**Task requirements**: Find the lines of the material below that include the string "measurable", then copy each one.

**Data excerpts**:
(* Let $FAF=\langle\mathcal A,\rho\rangle$ be a fuzzy argumentation framework and $E\subseteq\mathcal A$. For every $C\subseteq\mathcal A$: $E\in\mathcal{PE}(FAF,C)$ if and only if for every $S\in SCCS_{FAF}$, $$E\cap S\in\mathcal{PE}\big(FAF\downarrow_{R_{FAF}(S,E)},\,D_{FAF}(S,E)\cap C\big).$$
   Context: Fuzzy sets: a fuzzy set on a crisp set $X$ is a map $S:X\to[0,1]$; $S\subseteq S'$ means $S(x)\le S'(x)$ for all $x$; $\cap,\cup$ are pointwise $\min,\max$; $\mathrm{Supp}(S)=\{x:S(x)>0\}$. A fuzzy point $(x,a)$, $a\in(0,1]$, has value $a$ at $x$ and $0$ elsewhere; $(x,a)\in S$ means $a\le S(x)$. $a*b=\min\{a,b\}$. A fuzzy argumentation framework (FAF) is $\langle\mathcal A,\rho\rangle$ with $\mathrm{Args}$ a crisp set, $\mathcal A$ a fuzzy set on $\mathrm{Args}$, $\rho:\mathrm{Args}\times\mathrm{Args}\to[0,1]$, $\rho_{AB}=\rho(A,B)$; $A$ attacks $B$ iff $\rho_{AB}>0$. Fuzzy arguments are fuzzy points $(A,a)\in\mathcal A$. An attack of $(A,a)$ on $(B,b)$ is tolerable if $\min\{a,\rho_{AB}\}+b\le1$, sufficient otherwise. $(A,a)$ weakens $(B,b)$ to $(B,b')$, $b'=\min\{1-\min\{a,\rho_{AB}\},b\}$. $T\subseteq\mathcal A$ weakening defends $(C,c)$ if for every fuzzy argument $(B,b)$ sufficiently attacking $(C,c)$ there is $(A',a')\in T$ weakening $(B,b)$ to some $(B,b')$ which tolerably attacks $(C,c)$. $T$ is conflict-free if no $(A,a),(B,b)\in T$ with $(A,a)$ sufficiently attacking $(B,b)$; admissible if conflict-free and it weakening defends every element of $T$. For $C\subseteq\mathcal A$: $\mathcal{AE}(FAF,C)$ is the set of admissible $E$ with $E\subseteq C$; $\mathcal{PE}(FAF,C)$ (preferred extensions in $C$) is the set of maximal elements of $\mathcal{AE}(FAF,C)$ with respect to $\subseteq$. Path-equivalence on $\mathrm{Args}$: $A\sim B$ iff $A=B$ or there are chains of attacks from $A$ to $B$ and from $B$ to $A$. $SCC_{FAF}(A)$ is the fuzzy set with value $\mathcal A(B)$ at each $B\sim A$, $0$ elsewhere; $SCCS_{FAF}$ is the set of these. $outparents_{FAF}(S)$ is the fuzzy set of $(B,\mathcal A(B))$ with $B\notin\mathrm{Supp}(S)$ attacking some argument of $\mathrm{Supp}(S)$. For $T\subseteq\mathcal A$, $FAF\downarrow_T=\langle T,\rho|_{\mathrm{Supp}(T)\times\mathrm{Supp}(T)}\rangle$, and notions in $FAF\downarrow_T$ refer to its own fuzzy arguments and attacks. For $E\subseteq\mathcal A$, $S\in SCCS_{FAF}$: $L_{FAF}(S,E)(A)=\max_B\big((E\cap outparents_{FAF}(S))(B)*\rho_{BA}\big)$ for $A\in\mathrm{Supp}(S)$, $0$ elsewhere; $R_{FAF}(S,E)(A)=\min\{\mathcal A(A),1-L_{FAF}(S,E)(A)\}$ for $A\in\mathrm{Supp}(S)$, $0$ elsewhere; $D_{FAF}(S,E)$ is the union of fuzzy points $(A,a)\in R_{FAF}(S,E)$ such that for every $(B,b)\in outparents_{FAF}(S)$ sufficiently attacking $(A,a)$ there is $(C,c)\in E$ weakening $(B,b)$ to some $(B,b')$ which tolerably attacks $(A,a)$. *)

(* Stdlib reals (R) for membership degrees; MathComp finType for the
   (finite) crisp set Args, needed for the max in L_FAF. *)
From Stdlib Require Import Reals Relations ClassicalEpsilon.
From mathcomp Require Import ssreflect ssrfun ssrbool eqtype fintype bigop.
(* Let $S$ be a set, let $\mathcal{T}\subseteq \mathcal{P}(S)$ be a nonempty family containing a countable subfamily that separates points of $S$, and let $\mathcal{H}\subseteq\mathcal{P}(S)$ be a semiring. Then $\mathcal{C}(\mathcal{T})\subseteq\mathcal{C}(\mathcal{H})$ if and only if every element of $\mathcal{T}$ is a countable union of sets from $\mathcal{H}$.
   Context: $C(S)$ is the set of countable subsets of $S$; $N_A(M)=|A\cap M|$ for $A\subseteq S$, $M\in C(S)$; for nonempty $\mathcal{T}\subseteq\mathcal{P}(S)$, $\mathcal{C}(\mathcal{T})=\sigma(N_A\mid A\in\mathcal{T})$ (a $\sigma$-field on $C(S)$). A family $\mathcal{E}$ separates points of $S$ if for any distinct $x,y\in S$ there is $A\in\mathcal{E}$ with $1_A(x)\ne1_A(y)$. *)

From Stdlib Require Import List.
Import ListNotations.

Definition set (X : Type) := X -> Prop.

Definition countable {S : Type} (M : set S) : Prop :=
  exists f : S -> nat, forall x y, M x -> M y -> f x = f y -> x = y.

Definition CS (S : Type) := { M : set S | countable M }.

(* Cardinality in the extended naturals N ∪ {∞}: Some n = n, None = ∞. *)
Definition has_card {S : Type} (P : set S) (k : option nat) : Prop :=
  match k with
  | Some n => exists l : list S, NoDup l /\ length l = n /\ (forall x, P x <-> In x l)
  | None => ~ exists l : list S, forall x, P x <-> In x l
  end.

Definition N_eq {S : Type} (A : set S) (M : CS S) (k : option nat) : Prop :=
  has_card (fun x => A x /\ proj1_sig M x) k.

Definition is_sigma_algebra {X : Type} (F : set (set X)) : Prop :=
  F (fun _ => True) /\
  (forall Y, F Y -> F (fun x => ~ Y x)) /\
  (forall Y : nat -> set X, (forall n, F (Y n)) -> F (fun x => exists n, Y n x)).

Definition sigma_gen {X : Type} (G : set (set X)) : set (set X) :=
  fun Y => forall F, is_sigma_algebra F -> (forall Z, G Z -> F Z) -> F Y.

(* C(T) = σ(N_A | A ∈ T): generated by the level sets {M | N_A(M) = k},
   k ∈ N ∪ {∞} (N ∪ {∞} carrying its discrete σ-field). *)
Definition calC {S : Type} (T : set (set S)) : set (set (CS S)) :=
  sigma_gen (fun Y => exists A k, T A /\ Y = (fun M => N_eq A M k)).

Definition separates {S : Type} (E : nat -> set S) : Prop :=
  forall x y : S, x <> y -> exists n, ~ (E n x <-> E n y).

Definition semiring {S : Type} (H : set (set S)) : Prop :=
  H (fun _ => False) /\
  (forall A B, H A -> H B -> H (fun x => A x /\ B x)) /\
  (forall A B, H A -> H B ->
     exists (n : nat) (C : nat -> set S),
       (forall i, i < n -> H (C i)) /\
       (forall i j x, i < n -> j < n -> i <> j -> C i x -> C j x -> False) /\
       (forall x, (A x /\ ~ B x) <-> exists i, i < n /\ C i x)).

Definition countable_union_of {S : Type} (H : set (set S)) (A : set S) : Prop :=
  exists B : nat -> set S, (forall n, H (B n)) /\ (forall x, A x <-> exists n, B n x).

(* (⇐) Call A counting-measurable when every event "A ∩ M has at least n
   points" lies in C(H).  Members of H are counting-measurable, the class is
   closed under finite disjoint and increasing countable unions, and the
   semiring axioms write any countable union of members of H as an increasing
   union of finite disjoint unions of members of H.  The level sets of N_A are
   then events of C(H).

   (⇒) Every event of C(H) depends only on the counts in some sequence h_0,
   h_1, ... of members of H, since such events form a σ-field containing the
   generators.  For the event "A ∩ M = ∅", comparing suitable singletons and
   countable sequences M shows that each x ∈ A lies in some h_k and in an
   "atom" (a set of points with a prescribed membership in h_0, ..., h_{n-1})
   contained in A.  Atoms are finite disjoint unions of members of H and there
   are countably many of them, so A is a countable union of members of H. *)

From Stdlib Require Import List Arith Lia Cantor ClassicalEpsilon FunctionalExtensionality PropExtensionality.
Import ListNotations.
Definition ppr (n : nat) w P x (v : 'I_n) : R := series_from 0 (term w P x v).

Definition ppr_trunc (n : nat) w P x (L : nat) (v : 'I_n) : R :=
  \sum_(0 <= i < L.+1) term w P x v i.

Definition ppr_tail (n : nat) w P x (L : nat) (v : 'I_n) : R :=
  series_from L.+1 (term w P x v).

Definition norm2 (n : nat) (f : 'I_n -> R) : R := Num.sqrt (\sum_v f v ^+ 2).

Definition logb (b y : R) : R := ln y / ln b.

Definition choose_L (L0 : nat) (lam delta : R) : nat :=
  maxn L0 `|Num.ceil (logb lam ((1 - lam) * delta / 19))|%N.

End Defs.

(* The Euclidean norm of the tail is bounded by a geometric series.  Since
   [P^T P] is symmetric, its Rayleigh quotient attains its maximum on the unit
   sphere at an eigenvector, so [||P y||_2 <= lmax ||y||_2]; hence the i-th term
   has norm at most [w_i lmax^i <= lam^i] beyond [L0], and the tail after [L] is
   at most [lam^(L+1) / (1 - lam) <= lam delta / 19] by the choice of [L].  All
   terms are nonnegative, so [pi = pi_L + tail] with [0 <= tail v < delta / 19];
   then [pi v >= delta] forces [pi_L v > 18 delta / 19], and the relative error
   [1/20] on [pi_L] becomes at most [1/10] on [pi]. *)

From HB Require Import structures.
From mathcomp Require Import all_boot all_order all_algebra.
From mathcomp Require Import all_classical all_reals all_analysis.
From mathcomp Require Import ring lra.
Import Order.TTheory GRing.Theory Num.Theory.
Import numFieldNormedType.Exports.
Local Open Scope classical_set_scope.
Local Open Scope ring_scope.

Set Implicit Arguments. Unset Strict Implicit. Unset Printing Implicit Defensive.

Lemma quadratic_ge0_discr (R : realFieldType) (a b c : R) : 0 <= c ->
  (forall t, 0 <= a + 2 * t * b + t ^+ 2 * c) -> b ^+ 2 <= a * c.
Proof.
move=> c_ge0 q_ge0.
have [c_gt0|] := ltrP 0 c.
  have := q_ge0 (- b / c).
  have -> : a + 2 * (- b / c) * b + (- b / c) ^+ 2 * c = a - b ^+ 2 / c.
    by field; rewrite gt_eqF.
  by rewrite subr_ge0 ler_pdivrMr.
move=> c_le0; have c0 : c = 0 by apply/eqP; rewrite eq_le c_le0 c_ge0.
move: q_ge0; rewrite c0 mulr0 => q_ge0.
have [->|b_neq0] := eqVneq b 0; first by rewrite expr0n.
have := q_ge0 (- (a + 1) / (2 * b)).
have -> : a + 2 * (- (a + 1) / (2 * b)) * b + (- (a + 1) / (2 * b)) ^+ 2 * 0 = -1.
  by rewrite mulr0 addr0; field; rewrite b_neq0.
by rewrite oppr_ge0 ler10.
Qed.

Section norm2.
Variables (R : realType) (n : nat).
Implicit Types (f g : 'I_n -> R).

Lemma norm2_ge0 f : 0 <= norm2 f.
Proof. exact: sqrtr_ge0. Qed.

Lemma sqr_norm2 f : norm2 f ^+ 2 = \sum_v f v ^+ 2.
Proof. by rewrite sqr_sqrtr // sumr_ge0 // => v _; rewrite sqr_ge0. Qed.

Lemma norm2_le f B : 0 <= B -> \sum_v f v ^+ 2 <= B ^+ 2 -> norm2 f <= B.
Proof. by move=> B_ge0 fB; rewrite -(ger0_norm B_ge0) -sqrtr_sqr ler_sqrt ?sqr_ge0. Qed.

Lemma cauchy_schwarz f g : \sum_v f v * g v <= norm2 f * norm2 g.
Proof.
have : (\sum_v f v * g v) ^+ 2 <= (norm2 f * norm2 g) ^+ 2.
  rewrite exprMn !sqr_norm2; apply: quadratic_ge0_discr => [|t].
    by apply: sumr_ge0 => v _; apply: sqr_ge0.
  have -> : \sum_v f v ^+ 2 + 2 * t * (\sum_v f v * g v) + t ^+ 2 * \sum_v g v ^+ 2
      = \sum_v (f v + t * g v) ^+ 2.
    by rewrite !mulr_sumr -!big_split /=; apply: eq_bigr => v _; ring.
  by apply: sumr_ge0 => v _; apply: sqr_ge0.
have := mulr_ge0 (norm2_ge0 f) (norm2_ge0 g); nra.
Qed.

Lemma norm2D f g : norm2 (fun v => f v + g v) <= norm2 f + norm2 g.
Proof.
apply: norm2_le; first by rewrite addr_ge0 ?norm2_ge0.
have -> : \sum_v (f v + g v) ^+ 2
    = \sum_v f v ^+ 2 + 2 * (\sum_v f v * g v) + \sum_v g v ^+ 2.
  by rewrite mulr_sumr -!big_split /=; apply: eq_bigr => v _; ring.
rewrite -!sqr_norm2 sqrrD lerD2r lerD2l -[X in _ <= X]mulr_natl ler_pM2l //.
exact: cauchy_schwarz.
Qed.

Lemma norm2_sum (I : Type) (r : seq I) (F : I -> 'I_n -> R) :
  norm2 (fun v => \sum_(i <- r) F i v) <= \sum_(i <- r) norm2 (F i).
Proof.
elim: r => [|i r IHr].
  rewrite big_nil; apply: norm2_le => //.
  by rewrite expr0n big1 // => v _; rewrite big_nil expr0n.
rewrite big_cons; under [X in norm2 X]funext do rewrite big_cons.
by apply: le_trans (norm2D _ _) _; rewrite lerD2l.
Qed.

Lemma norm2Z c f : norm2 (fun v => c * f v) = `|c| * norm2 f.
Proof.
rewrite /norm2 -sqrtr_sqr -sqrtrM ?sqr_ge0 // mulr_sumr.
by under eq_bigr do rewrite exprMn.
Qed.

Lemma normr_le_norm2 f v : `|f v| <= norm2 f.
Proof.
rewrite -sqrtr_sqr ler_sqrt; last by apply: sumr_ge0 => i _; apply: sqr_ge0.
by rewrite (bigD1 v) //= lerDl; apply: sumr_ge0 => i _; apply: sqr_ge0.
Qed.

Lemma norm2_le1 f : (forall v, 0 <= f v) -> \sum_v f v = 1 -> norm2 f <= 1.
Proof.
move=> f_ge0 f_sum; apply: norm2_le => //; rewrite expr1n -f_sum.
apply: ler_sum => v _; rewrite expr2 ler_piMr //.
by rewrite -f_sum (bigD1 v) //= lerDl sumr_ge0.
Qed.

Lemma norm2_cvg (u : nat -> 'I_n -> R) (l : 'I_n -> R) :
  (forall v, u N v @[N --> \oo] --> l v) -> norm2 (u N) @[N --> \oo] --> norm2 l.
Proof.
move=> ul; apply: continuous_cvg; first exact: sqrt_continuous.
apply: cvg_big => [|v _]; first exact: add_continuous.
by rewrite expr2; under eq_fun do rewrite expr2; apply: cvgM.
Qed.

Lemma norm2_lim_le (u : nat -> 'I_n -> R) (l : 'I_n -> R) B :
  (forall v, u N v @[N --> \oo] --> l v) -> (forall N, norm2 (u N) <= B) ->
  norm2 l <= B.
Proof.
move=> ul uB; have ul2 := norm2_cvg ul.
rewrite -(cvg_lim _ ul2) //; apply: limr_le; first exact: cvgP ul2.
by near=> N; apply: uB.
Unshelve. all: by end_near.
Qed.

End norm2.

Section mxform.
Variable R : realType.

Definition mxform n (N : 'M[R]_n) (u v : 'rV[R]_n) : R := (u *m N *m v^T) 0 0.

Lemma mxformC n (N : 'M[R]_n) u v : N^T = N -> mxform N u v = mxform N v u.
Proof.
move=> NT; rewrite /mxform -[in LHS](trmxK (u *m N *m v^T)) mxE.
by rewrite !trmx_mul trmxK NT mulmxA.
Qed.

Lemma mxformE n (N : 'M[R]_n) u v :
  mxform N u v = \sum_j (\sum_i u 0 i * N i j) * v 0 j.
Proof. by rewrite /mxform mxE; apply: eq_bigr => j _; rewrite !mxE. Qed.

Lemma mxform1 n (u : 'rV[R]_n) : mxform 1%:M u u = \sum_i u 0 i ^+ 2.
Proof. by rewrite /mxform mulmx1 mxE; apply: eq_bigr => i _; rewrite mxE. Qed.

Lemma mxformZ n (N : 'M[R]_n) k u :
  mxform N (k *: u) (k *: u) = k ^+ 2 * mxform N u u.
Proof. by rewrite /mxform linearZ /= -!scalemxAl -scalemxAr scalerA mxE -expr2. Qed.

Lemma mxform_scalarB n (M : 'M[R]_n) a u :
  mxform (a%:M - M) u u = a * mxform 1%:M u u - mxform M u u.
Proof.
by rewrite /mxform mulmxBr mulmxBl mxE mul_mx_scalar -scalemxAl mulmx1 !mxE.
Qed.

Lemma mxform_expand n (N : 'M[R]_n) c z t : N^T = N ->
  mxform N (c + t *: z) (c + t *: z)
  = mxform N c c + 2 * t * mxform N c z + t ^+ 2 * mxform N z z.
Proof.
move=> NT; rewrite [RHS]addrAC -mulrA mulr2n mulrDl -{2}(mxformC z c NT).
rewrite -!mxformZ /mxform.
rewrite linearD /= linearZ /= !mulmxDl !mulmxDr -!scalemxAl -!scalemxAr !mxE.
ring.
Qed.

Lemma mxform_continuous n (N : 'M[R]_n) : continuous (fun u => mxform N u u).
Proof.
under [X in continuous X]funext do rewrite mxformE.
apply: continuous_big => [|j _]; first exact: add_continuous.
move=> u; apply: continuousM; last exact: coord_continuous.
apply: continuous_big => [|i _ w]; first exact: add_continuous.
by apply: continuousM; [exact: coord_continuous | exact: cst_continuous].
Qed.

Lemma psd_mxform_eq0 n (N : 'M[R]_n) c : N^T = N ->
  (forall u, 0 <= mxform N u u) -> mxform N c c = 0 -> c *m N = 0.
Proof.
move=> NT N_psd Nc0.
have cross0 z : mxform N c z = 0.
  apply/eqP; rewrite -sqrf_eq0 eq_le sqr_ge0 andbT -(mul0r (mxform N z z)) -Nc0.
  apply: quadratic_ge0_discr => // t.
  by rewrite -mxform_expand.
apply/rowP => j; rewrite [RHS]mxE -[RHS](cross0 (delta_mx 0 j)).
by rewrite /mxform trmx_delta -colE !mxE.
Qed.

Lemma mxform_max n (M : 'M[R]_n.+1) :
  exists2 c, mxform 1%:M c c = 1 &
    forall u, mxform M u u <= mxform M c c * mxform 1%:M u u.
Proof.
pose q (u : 'rV[R]_n.+1) := mxform 1%:M u u; pose S := [set u | q u = 1].
have S_closed : closed S.
  apply: (@preimage_closed _ _ q [set 1]); last exact: closed_eq.
  by move=> u _; apply: mxform_continuous.
have S_compact : compact S.
  have cube_compact := @rV_compact _ n.+1 (fun=> `[-1 : R, 1]%classic)
    (fun=> @segment_compact _ _ _).
  apply: (subclosed_compact S_closed cube_compact) => u Su i /=.
  rewrite in_itv /= -ler_norml.
  have := normr_le_norm2 (fun i => u 0 i) i.
  by rewrite /norm2 -mxform1 -/(q u) Su sqrtr1.
have S_neq0 : S !=set0.
  exists (delta_mx 0 0); rewrite /S /q /= mxform1 (bigD1 0) //= big1 => [|i].
    by rewrite mxE eqxx expr1n addr0.
  by rewrite mxE => /negPf->; rewrite expr0n.
have [c Sc c_max] := EVT_max_rV S_neq0 S_compact
  (continuous_subspaceT (@mxform_continuous _ M)).
rewrite inE in Sc; exists c => // u.
have [qu0|qu_neq0] := eqVneq (q u) 0.
  suff -> : u = 0 by rewrite /mxform !mul0mx !mxE mulr0.
  apply/rowP => i; rewrite mxE; apply/eqP; rewrite -sqrf_eq0; apply/eqP.
  move: qu0; rewrite /q mxform1 => /psumr_eq0P; apply=> // j _.
  exact: sqr_ge0.
have qu_gt0 : 0 < q u.
  by rewrite lt0r qu_neq0 /q mxform1 sumr_ge0 // => i _; rewrite sqr_ge0.
pose k := (Num.sqrt (q u))^-1.
have k2 : k ^+ 2 = (q u)^-1 by rewrite exprVn sqr_sqrtr // ltW.
have Sku : S (k *: u) by rewrite /S /= /q mxformZ k2 mulVf.
have := c_max (k *: u); rewrite inE => /(_ Sku).
by rewrite mxformZ k2 ler_pdivrMl // mulrC.
Qed.

Lemma mxform_le_eigen n (M : 'M[R]_n) K : M^T = M ->
  (forall mu, eigenvalue M mu -> mu <= K) ->
  forall u, mxform M u u <= K * mxform 1%:M u u.
Proof.
case: n M => [|n] M MT le_K u; first by rewrite /mxform !mxE !big_ord0 mulr0.
have [c c_unit c_max] := mxform_max M.
set mu := mxform M c c in c_max.
have NT : (mu%:M - M)^T = mu%:M - M by rewrite linearB /= tr_scalar_mx MT.
(* [mu I - M] is positive semidefinite by maximality of [c] and its form
   vanishes at [c], so [c] is an eigenvector for [mu]. *)
have c_ker : c *m (mu%:M - M) = 0.
  apply: psd_mxform_eq0 => // [v|]; rewrite mxform_scalarB.
    by rewrite subr_ge0 c_max.
  by rewrite c_unit mulr1 subrr.
have c_eigen : eigenvalue M mu.
  apply/eigenvalueP; exists c.
    by apply/eqP; rewrite -subr_eq0 -mul_mx_scalar -mulmxBr -opprB mulmxN c_ker oppr0.
  apply: contra_eq_neq c_unit => ->.
  by rewrite /mxform !mul0mx mxE eq_sym oner_neq0.
apply: le_trans (c_max u) _; rewrite ler_wpM2r ?le_K //.
by rewrite mxform1 sumr_ge0 // => i _; rewrite sqr_ge0.
Qed.

Lemma norm2_mulmx_le n (P : 'M[R]_n) s (y : 'cV[R]_n) :
  max_singular_value P s ->
  norm2 (fun v => (P *m y) v 0) <= s * norm2 (fun v => y v 0).
Proof.
move=> [s_ge0 [_ le_s2]].
have PTP_sym : (P^T *m P)^T = P^T *m P by rewrite trmx_mul trmxK.
have := mxform_le_eigen PTP_sym le_s2 y^T.
have -> : mxform (P^T *m P) y^T y^T = \sum_v (P *m y) v 0 ^+ 2.
  rewrite /mxform trmxK !mulmxA -trmx_mul -mulmxA mxE.
  by apply: eq_bigr => v _; rewrite mxE expr2.
rewrite mxform1 => le_Py; apply: norm2_le; first exact: mulr_ge0 (norm2_ge0 _).
rewrite exprMn sqr_norm2; apply: le_trans le_Py _.
by under eq_bigr do rewrite mxE.
Qed.

Lemma norm2_mulmxXn_le n (P : 'M[R]_n) s (y : 'cV[R]_n) k :
  max_singular_value P s ->
  norm2 (fun v => (P ^+ k *m y) v 0) <= s ^+ k * norm2 (fun v => y v 0).
Proof.
move=> P_s; have s_ge0 : 0 <= s by case: P_s.
elim: k => [|k IHk]; first by rewrite expr0 mul1mx mul1r.
rewrite exprS -mulmxA; apply: le_trans (norm2_mulmx_le _ P_s) _.
by rewrite exprS -mulrA ler_wpM2l.
Qed.

End mxform.

Lemma mulmx_ge0 (R : numDomainType) m n p (A : 'M[R]_(m, n)) (B : 'M[R]_(n, p)) :
  (forall i j, 0 <= A i j) -> (forall i j, 0 <= B i j) ->
  forall i j, 0 <= (A *m B) i j.
Proof. by move=> A_ge0 B_ge0 i j; rewrite mxE sumr_ge0 // => k _; rewrite mulr_ge0. Qed.

Lemma transmx_ge0 (R : realType) n (A : 'M[R]_n) a b :
  (forall i j, 0 <= A i j) -> forall i j, 0 <= transmx A a b i j.
Proof.
have degpow_ge0 s i j : 0 <= degpow A s i j.
  by rewrite mxE mulrn_wge0 // mxE powR_ge0.
by move=> A_ge0; do 2![apply: mulmx_ge0 => //].
Qed.

Lemma adjmx_ge0 (R : realType) n (e : rel 'I_n) i j : 0 <= adjmx R e i j.
Proof. by rewrite mxE ler0n. Qed.

Lemma sum_geometric_le (R : realFieldType) (lam : R) m N : 0 <= lam < 1 ->
  \sum_(m <= i < N) lam ^+ i <= lam ^+ m / (1 - lam).
Proof.
move=> /andP[lam_ge0 lam_lt1]; have lam1_gt0 : 0 < 1 - lam by rewrite subr_gt0.
have lamm_ge0 : 0 <= lam ^+ m by rewrite exprn_ge0.
have [mN|/ltnW Nm] := leqP m N; last by rewrite big_geq // divr_ge0 // ltW.
rewrite -(subnKC mN) geometric_partial_tail geometric_seriesE ?lt_eqF //=.
rewrite ler_pM2r ?invr_gt0 //; apply: ler_piMr => //.
by rewrite gerBl exprn_ge0.
Qed.

Section series_from.
Variable R : realType.
Implicit Types (u : nat -> R).

Lemma series_from_cvg u m B : (forall i, (m <= i)%N -> 0 <= u i) ->
  (forall N, \sum_(m <= i < N) u i <= B) -> cvgn (fun N => \sum_(m <= i < N) u i).
Proof.
move=> u_ge0 u_le; apply: nondecreasing_is_cvgn.
  exact: (nondecreasing_series (P := xpredT) (fun i mi _ => u_ge0 i mi)).
by exists B => _ [N _ <-].
Qed.

Lemma series_from_ge0 u m : (forall i, (m <= i)%N -> 0 <= u i) ->
  cvgn (fun N => \sum_(m <= i < N) u i) -> 0 <= series_from m u.
Proof.
move=> u_ge0 u_cvg; apply: limr_ge => //; near=> N.
by rewrite big_nat sumr_ge0 // => i /andP[mi _]; apply: u_ge0.
Unshelve. all: by end_near.
Qed.

Lemma series_from_split u k m : (k <= m)%N ->
  cvgn (fun N => \sum_(m <= i < N) u i) ->
  series_from k u = \sum_(k <= i < m) u i + series_from m u.
Proof.
move=> km u_cvg; apply: cvg_lim => //.
have : (fun N => \sum_(k <= i < m) u i + \sum_(m <= i < N) u i) @ \oo -->
    \sum_(k <= i < m) u i + series_from m u by apply: cvgD u_cvg; apply: cvg_cst.
apply: cvg_trans; apply: near_eq_cvg; near=> N.
by rewrite -big_cat_nat //; near: N; apply: nbhs_infty_ge.
Unshelve. all: by end_near.
Qed.

End series_from.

**Response to the task**:
(* (⇐) Call A counting-measurable when every event "A ∩ M has at least n
   points" lies in C(H).  Members of H are counting-measurable, the class is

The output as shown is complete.